Return every record exactly. Omit nothing.

(DATA EXTRACT Opens)

Lemma K4_free_ord :
  all (fun a => all (fun b => r a b ==> all (fun c => r a c && r b c ==>
    all (fun d => ~~ [&& r a d, r b d & r c d]) (iota 0 n)) (iota 0 n)) (iota 0 n))
    (iota 0 n) ->
  Kk_free (fun i j : 'I_n => r i j) 4.
Proof.
move=> no_K4 [f [_ clique_f]].
have edge k l : k < l < 4 -> r (f (inord k)) (f (inord l)).
  case/andP=> lt_kl lt_l4; rewrite clique_f // -val_eqE /= !inordK ?ltn_eqF //.
  exact: ltn_trans lt_kl lt_l4.
have /allP/(_ _ (ord_in_iota (f (inord 0))))/allP := no_K4.
move=> /(_ _ (ord_in_iota (f (inord 1)))); rewrite edge // => /allP.
move=> /(_ _ (ord_in_iota (f (inord 2)))); rewrite !edge // => /allP.
by move=> /(_ _ (ord_in_iota (f (inord 3)))); rewrite !edge.
Qed.

End NatGraph.

Definition adj_rel (adj : seq (seq nat)) : rel nat := fun i j => j \in nth [::] adj i.

Definition adj26 : seq (seq nat) :=
  [:: [:: 4; 5; 10; 11; 12; 13; 16; 18; 19; 20; 21; 22; 23; 24];
  [:: 4; 5; 10; 11; 12; 13; 16; 18; 19; 20; 21; 22; 23; 24];
  [:: 4; 5; 8; 9; 10; 11; 23; 24; 25];
  [:: 4; 5; 8; 9; 10; 11; 23; 24; 25];
  [:: 0; 1; 2; 3; 6; 7; 10; 11; 12; 13; 14; 15; 23; 24; 25];
  [:: 0; 1; 2; 3; 6; 7; 10; 11; 12; 13; 14; 15; 23; 24; 25];
  [:: 4; 5; 14; 15; 16; 17; 18; 19; 23; 24; 25];
  [:: 4; 5; 14; 15; 16; 17; 18; 19; 23; 24; 25];
  [:: 2; 3; 10; 11; 12; 13; 14; 15; 16; 18; 19; 20; 21; 23; 24];
  [:: 2; 3; 10; 11; 12; 13; 14; 15; 16; 18; 19; 20; 21; 23; 24];
  [:: 0; 1; 2; 3; 4; 5; 8; 9; 14; 15; 16; 22];
  [:: 0; 1; 2; 3; 4; 5; 8; 9; 14; 15; 16; 22];
  [:: 0; 1; 4; 5; 8; 9; 16; 18; 19; 25];
  [:: 0; 1; 4; 5; 8; 9; 16; 18; 19; 25];
  [:: 4; 5; 6; 7; 8; 9; 10; 11; 17; 18; 19; 20; 21; 22];
  [:: 4; 5; 6; 7; 8; 9; 10; 11; 17; 18; 19; 20; 21; 22];
  [:: 0; 1; 6; 7; 8; 9; 10; 11; 12; 13; 17; 20; 21];
  [:: 6; 7; 14; 15; 16; 20; 21; 23; 24; 25];
  [:: 0; 1; 6; 7; 8; 9; 12; 13; 14; 15; 22; 23; 24; 25];
  [:: 0; 1; 6; 7; 8; 9; 12; 13; 14; 15; 22; 23; 24; 25];
  [:: 0; 1; 8; 9; 14; 15; 16; 17; 23; 24];
  [:: 0; 1; 8; 9; 14; 15; 16; 17; 23; 24];
  [:: 0; 1; 10; 11; 14; 15; 18; 19];
  [:: 0; 1; 2; 3; 4; 5; 6; 7; 8; 9; 17; 18; 19; 20; 21];
  [:: 0; 1; 2; 3; 4; 5; 6; 7; 8; 9; 17; 18; 19; 20; 21];
  [:: 2; 3; 4; 5; 6; 7; 12; 13; 17; 18; 19]].

Definition G26 : rel 'I_26 := fun i j => adj_rel adj26 i j.

Lemma G26_simple : simple_graph G26.
Proof. by apply: simple_graph_ord; vm_compute. Qed.

Lemma G26_K4_free : Kk_free G26 4.
Proof. by apply: K4_free_ord; vm_compute. Qed.
Definition pmap {A A' B B' : C} (f : Hom A A') (g : Hom B B')
  : Hom (bprod P A B) (bprod P A' B') :=
  pairing P (f ∘ pr1 P A B) (g ∘ pr2 P A B).
Definition cmap {A A' B B' : C} (f : Hom A A') (g : Hom B B')
  : Hom (bcoprod Q A B) (bcoprod Q A' B') :=
  copairing Q (inl_ Q A' B' ∘ f) (inr_ Q A' B' ∘ g).
Definition codiag (A : C) : Hom (bcoprod Q A A) A := copairing Q (idm A) (idm A).

Context (Sig : Functor C) (J : Type) (ltJ : J -> J -> Prop)
  (Sj : J -> Functor C) (SigCop : FunctorCoproduct Sj Sig)
  (Sless : J -> Functor C)
  (SlessCop : forall j, FunctorCoproduct (fun i : {i : J | ltJ i j} => Sj (proj1_sig i)) (Sless j))
  (freeS : forall X, FreeAlg Sig X)
  (freeSl : forall j X, FreeAlg (Sless j) X)
  (B : Bifunctor C).

Definition inj_less (j : J) (X : C) : Hom (Sless j X) (Sig X) :=
  ccopair (SlessCop j) (fun i => cinj SigCop (proj1_sig i) X).

Definition inj_less_star (j : J) (W : C)
  : Hom (fa_car (freeSl j W)) (fa_car (freeS W)) :=
  fa_ext (freeSl j W) (fa_str (freeS W) ∘ inj_less j (fa_car (freeS W)))
         (fa_unit (freeS W)).

Definition Tj (j : J) (W : C) : C :=
  bcoprod Q (fa_car (freeSl j W)) (Sj j (fa_car (freeSl j W))).
Definition Tj_map (j : J) {W W' : C} (h : Hom W W') : Hom (Tj j W) (Tj j W') :=
  cmap (fmap (freeSl j) h) (F1 (Sj j) (fmap (freeSl j) h)).

Definition e_map (j : J) (W : C) : Hom (Tj j W) (fa_car (freeS W)) :=
  copairing Q (inj_less_star j W)
    (fa_str (freeS W) ∘ cinj SigCop j (fa_car (freeS W)) ∘ F1 (Sj j) (inj_less_star j W)).

Definition flat_law_type : Type :=
  forall (j : J) (X Y : C),
    Hom (Sj j (bprod P X (B X Y))) (B X (Tj j (bcoprod Q X Y))).

Definition flat_dinatural (rho : flat_law_type) : Prop :=
  forall (j : J) (Y X X' : C) (f : Hom X X'),
    B1 B (idm X) (Tj_map j (cmap f (idm Y))) ∘ rho j X Y
       ∘ F1 (Sj j) (pmap (idm X) (B1 B f (idm Y)))
    = B1 B f (idm (Tj j (bcoprod Q X' Y))) ∘ rho j X' Y
       ∘ F1 (Sj j) (pmap f (idm (B X' Y))).

Definition flat_natural (rho : flat_law_type) : Prop :=
  forall (j : J) (X Y Y' : C) (g : Hom Y Y'),
    B1 B (idm X) (Tj_map j (cmap (idm X) g)) ∘ rho j X Y
    = rho j X Y' ∘ F1 (Sj j) (pmap (idm X) (B1 B (idm X) g)).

(DATA EXTRACT Closes)

# RESPONSE TO THIS TASK:
Lemma K4_free_ord :
  all (fun a => all (fun b => r a b ==> all (fun c => r a c && r b c ==>
    all (fun d => ~~ [&& r a d, r b d & r c d]) (iota 0 n)) (iota 0 n)) (iota 0 n))
    (iota 0 n) ->
  Kk_free (fun i j : 'I_n => r i j) 4.
Proof.
move=> no_K4 [f [_ clique_f]].
have edge k l : k < l < 4 -> r (f (inord k)) (f (inord l)).
  case/andP=> lt_kl lt_l4; rewrite clique_f // -val_eqE /= !inordK ?ltn_eqF //.
  exact: ltn_trans lt_kl lt_l4.
have /allP/(_ _ (ord_in_iota (f (inord 0))))/allP := no_K4.
move=> /(_ _ (ord_in_iota (f (inord 1)))); rewrite edge // => /allP.
move=> /(_ _ (ord_in_iota (f (inord 2)))); rewrite !edge // => /allP.
by move=> /(_ _ (ord_in_iota (f (inord 3)))); rewrite !edge.
Qed.

End NatGraph.

Definition adj_rel (adj : seq (seq nat)) : rel nat := fun i j => j \in nth [::] adj i.

Definition adj26 : seq (seq nat) :=
  [:: [:: 4; 5; 10; 11; 12; 13; 16; 18; 19; 20; 21; 22; 23; 24];
  [:: 4; 5; 10; 11; 12; 13; 16; 18; 19; 20; 21; 22; 23; 24];
  [:: 4; 5; 8; 9; 10; 11; 23; 24; 25];
  [:: 4; 5; 8; 9; 10; 11; 23; 24; 25];
  [:: 0; 1; 2; 3; 6; 7; 10; 11; 12; 13; 14; 15; 23; 24; 25];
  [:: 0; 1; 2; 3; 6; 7; 10; 11; 12; 13; 14; 15; 23; 24; 25];
  [:: 4; 5; 14; 15; 16; 17; 18; 19; 23; 24; 25];
  [:: 4; 5; 14; 15; 16; 17; 18; 19; 23; 24; 25];
  [:: 2; 3; 10; 11; 12; 13; 14; 15; 16; 18; 19; 20; 21; 23; 24];
  [:: 2; 3; 10; 11; 12; 13; 14; 15; 16; 18; 19; 20; 21; 23; 24];
  [:: 0; 1; 2; 3; 4; 5; 8; 9; 14; 15; 16; 22];
  [:: 0; 1; 2; 3; 4; 5; 8; 9; 14; 15; 16; 22];
  [:: 0; 1; 4; 5; 8; 9; 16; 18; 19; 25];
  [:: 0; 1; 4; 5; 8; 9; 16; 18; 19; 25];
  [:: 4; 5; 6; 7; 8; 9; 10; 11; 17; 18; 19; 20; 21; 22];
  [:: 4; 5; 6; 7; 8; 9; 10; 11; 17; 18; 19; 20; 21; 22];
  [:: 0; 1; 6; 7; 8; 9; 10; 11; 12; 13; 17; 20; 21];
  [:: 6; 7; 14; 15; 16; 20; 21; 23; 24; 25];
  [:: 0; 1; 6; 7; 8; 9; 12; 13; 14; 15; 22; 23; 24; 25];
  [:: 0; 1; 6; 7; 8; 9; 12; 13; 14; 15; 22; 23; 24; 25];
  [:: 0; 1; 8; 9; 14; 15; 16; 17; 23; 24];
  [:: 0; 1; 8; 9; 14; 15; 16; 17; 23; 24];
  [:: 0; 1; 10; 11; 14; 15; 18; 19];
  [:: 0; 1; 2; 3; 4; 5; 6; 7; 8; 9; 17; 18; 19; 20; 21];
  [:: 0; 1; 2; 3; 4; 5; 6; 7; 8; 9; 17; 18; 19; 20; 21];
  [:: 2; 3; 4; 5; 6; 7; 12; 13; 17; 18; 19]].

Definition G26 : rel 'I_26 := fun i j => adj_rel adj26 i j.

Lemma G26_simple : simple_graph G26.
Proof. by apply: simple_graph_ord; vm_compute. Qed.

Lemma G26_K4_free : Kk_free G26 4.
Proof. by apply: K4_free_ord; vm_compute. Qed.
Definition pmap {A A' B B' : C} (f : Hom A A') (g : Hom B B')
  : Hom (bprod P A B) (bprod P A' B') :=
  pairing P (f ∘ pr1 P A B) (g ∘ pr2 P A B).
Definition cmap {A A' B B' : C} (f : Hom A A') (g : Hom B B')
  : Hom (bcoprod Q A B) (bcoprod Q A' B') :=
  copairing Q (inl_ Q A' B' ∘ f) (inr_ Q A' B' ∘ g).
Definition codiag (A : C) : Hom (bcoprod Q A A) A := copairing Q (idm A) (idm A).

Context (Sig : Functor C) (J : Type) (ltJ : J -> J -> Prop)
  (Sj : J -> Functor C) (SigCop : FunctorCoproduct Sj Sig)
  (Sless : J -> Functor C)
  (SlessCop : forall j, FunctorCoproduct (fun i : {i : J | ltJ i j} => Sj (proj1_sig i)) (Sless j))
  (freeS : forall X, FreeAlg Sig X)
  (freeSl : forall j X, FreeAlg (Sless j) X)
  (B : Bifunctor C).

Definition inj_less (j : J) (X : C) : Hom (Sless j X) (Sig X) :=
  ccopair (SlessCop j) (fun i => cinj SigCop (proj1_sig i) X).

Definition inj_less_star (j : J) (W : C)
  : Hom (fa_car (freeSl j W)) (fa_car (freeS W)) :=
  fa_ext (freeSl j W) (fa_str (freeS W) ∘ inj_less j (fa_car (freeS W)))
         (fa_unit (freeS W)).

Definition Tj (j : J) (W : C) : C :=
  bcoprod Q (fa_car (freeSl j W)) (Sj j (fa_car (freeSl j W))).
Definition Tj_map (j : J) {W W' : C} (h : Hom W W') : Hom (Tj j W) (Tj j W') :=
  cmap (fmap (freeSl j) h) (F1 (Sj j) (fmap (freeSl j) h)).

Definition e_map (j : J) (W : C) : Hom (Tj j W) (fa_car (freeS W)) :=
  copairing Q (inj_less_star j W)
    (fa_str (freeS W) ∘ cinj SigCop j (fa_car (freeS W)) ∘ F1 (Sj j) (inj_less_star j W)).

Definition flat_law_type : Type :=
  forall (j : J) (X Y : C),
    Hom (Sj j (bprod P X (B X Y))) (B X (Tj j (bcoprod Q X Y))).

Definition flat_dinatural (rho : flat_law_type) : Prop :=
  forall (j : J) (Y X X' : C) (f : Hom X X'),
    B1 B (idm X) (Tj_map j (cmap f (idm Y))) ∘ rho j X Y
       ∘ F1 (Sj j) (pmap (idm X) (B1 B f (idm Y)))
    = B1 B f (idm (Tj j (bcoprod Q X' Y))) ∘ rho j X' Y
       ∘ F1 (Sj j) (pmap f (idm (B X' Y))).

Definition flat_natural (rho : flat_law_type) : Prop :=
  forall (j : J) (X Y Y' : C) (g : Hom Y Y'),
    B1 B (idm X) (Tj_map j (cmap (idm X) g)) ∘ rho j X Y
    = rho j X Y' ∘ F1 (Sj j) (pmap (idm X) (B1 B (idm X) g)).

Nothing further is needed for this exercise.